The good news for atheists, agnostics, and humanists is the creation of the Freethought Equality Fund, a new Political Action Committee (PAC) dedicated to expanding voters’ choices by backing the candidacy of open nontheists to public office. It is the first such PAC with a paid staff. (Full Disclosure: I’m an unpaid advisory board member of the Freethought Equality Fund.)
Launched by the American Humanist Association’s Center for Humanist Activism, the Freethought Equality Fund will support candidates who share our goals of protecting the separation of church and state and defending the civil liberties of secular Americans. And it will probably also support some theists and “closeted” atheists who advocate for our causes.

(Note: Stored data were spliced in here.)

From HB Require Import structures.
From mathcomp Require Import all_boot all_order all_algebra.
From mathcomp Require Import all_classical all_reals all_analysis.
From mathcomp Require Import lra ring.
Import Order.TTheory GRing.Theory Num.Theory.
Import numFieldNormedType.Exports.
Local Open Scope ring_scope.
Local Open Scope classical_set_scope.

(* Write g(x, z) = W(x)/2 + z/(4 tau) for the right-hand side.  On every band
   a <= V x <= b with a > 0 the function W is bounded below by a positive
   constant, since the band is compact (V is bounded below by k1(|x|)) and
   avoids the origin.  The lower envelopes
     e1(s) = inf { min(1, g(x, z) + max(s - V x - z, 0)) | z >= 0, V x <= 1 },
     e2(s) = inf { min(1, g(x, z) + max(V x + z - s, 0)) | z >= 0, V x >= 1 }
   are therefore 1-Lipschitz, e1 is nondecreasing and positive on (0, oo), e2
   is nonincreasing and positive, and e1(V x + z) resp. e2(V x + z) is at most
   g(x, z) according as V x <= 1 or V x >= 1.  The penalty terms make the
   envelopes monotone; splitting at V x = 1 keeps V bounded where positivity
   has to be read off a band (W need not be bounded below at infinity).
   Then Kc(s) = s e1(s) / (1 + e1(s)) and Kd(s) = (1 + s) / e2(s) work, as
   Kc / Kd <= min(e1, e2). *)

Lemma lip1_continuous {R : realFieldType} (g : R -> R) :
  (forall s t, g s <= g t + `|s - t|) -> continuous g.
Proof.
move=> g_lip x; apply/cvgrPdist_lt => e e_gt0; near=> y.
have gxy := g_lip x y; have gyx := g_lip y x; rewrite distrC in gyx.
have : `|x - y| < e by near: y; exact: (@near_ball _ _ x e e_gt0).
by move=> xy_e; rewrite ltr_norml; apply/andP; split; lra.
Unshelve. all: by end_near.
Qed.

Lemma max0_lip {R : realFieldType} (a b : R) :
  Num.max a 0 <= Num.max b 0 + `|a - b|.
Proof.
have := ler_norm (a - b); have := normr_ge0 (a - b).
have : b <= Num.max b 0 by rewrite le_max lexx.
have : 0 <= Num.max b 0 by rewrite le_max lexx orbT.
by rewrite ge_max; move=> *; apply/andP; split; lra.
Qed.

But wait, there’s more. In the future, the Secular Coalition for America will form its own PAC, and other freethought groups are also considering similar political engagement.
Why now? I first heard talk of PACs like this some 20 years ago, but back then politicians would not want to be branded with the stigma of accepting money from “godless” Americans. However, to quote Bob Dylan, the times they are a changin.’
More than 20 percent of Americans now claim no religious identity, and the percentage is even higher among young people. Nonreligious Americans are one of the largest minorities in the United States, but you’d never know it because they have lacked political power. However, atheist and humanist communities are now better organized and more cooperative, and the new Freethought Equality Fund hopes to provide candidates who are good without a god the opportunity to make their voices heard.
Atheists are willing to be copycats, especially when there is evidence of success. The LGBT movement taught freethinkers that the most effective way to change public perception is to come out of the closet. Attitudes toward gays changed rapidly when people realized that their friends, neighbors, family members, and even famous people were gay. And so it will be with atheists. Interestingly, Congressman Barney Frank came out as gay more than 30 years ago, but didn’t come out as an atheist until he left office. We are also learning from EMILY’s List, the successful PAC founded in the mid-1980s to help increase representation by women candidates who share the List’s views. (EMILY is an acronym for “Early Money Is Like Yeast.”)
Before issuing an endorsement, the Freethought Equality Fund PAC will question candidates about their personal and political views on issues where religious belief could influence public policy. Examples include teaching intelligent design in public schools, the use of public funds to support religiously affiliated organizations, and questions about gay rights and abortion rights.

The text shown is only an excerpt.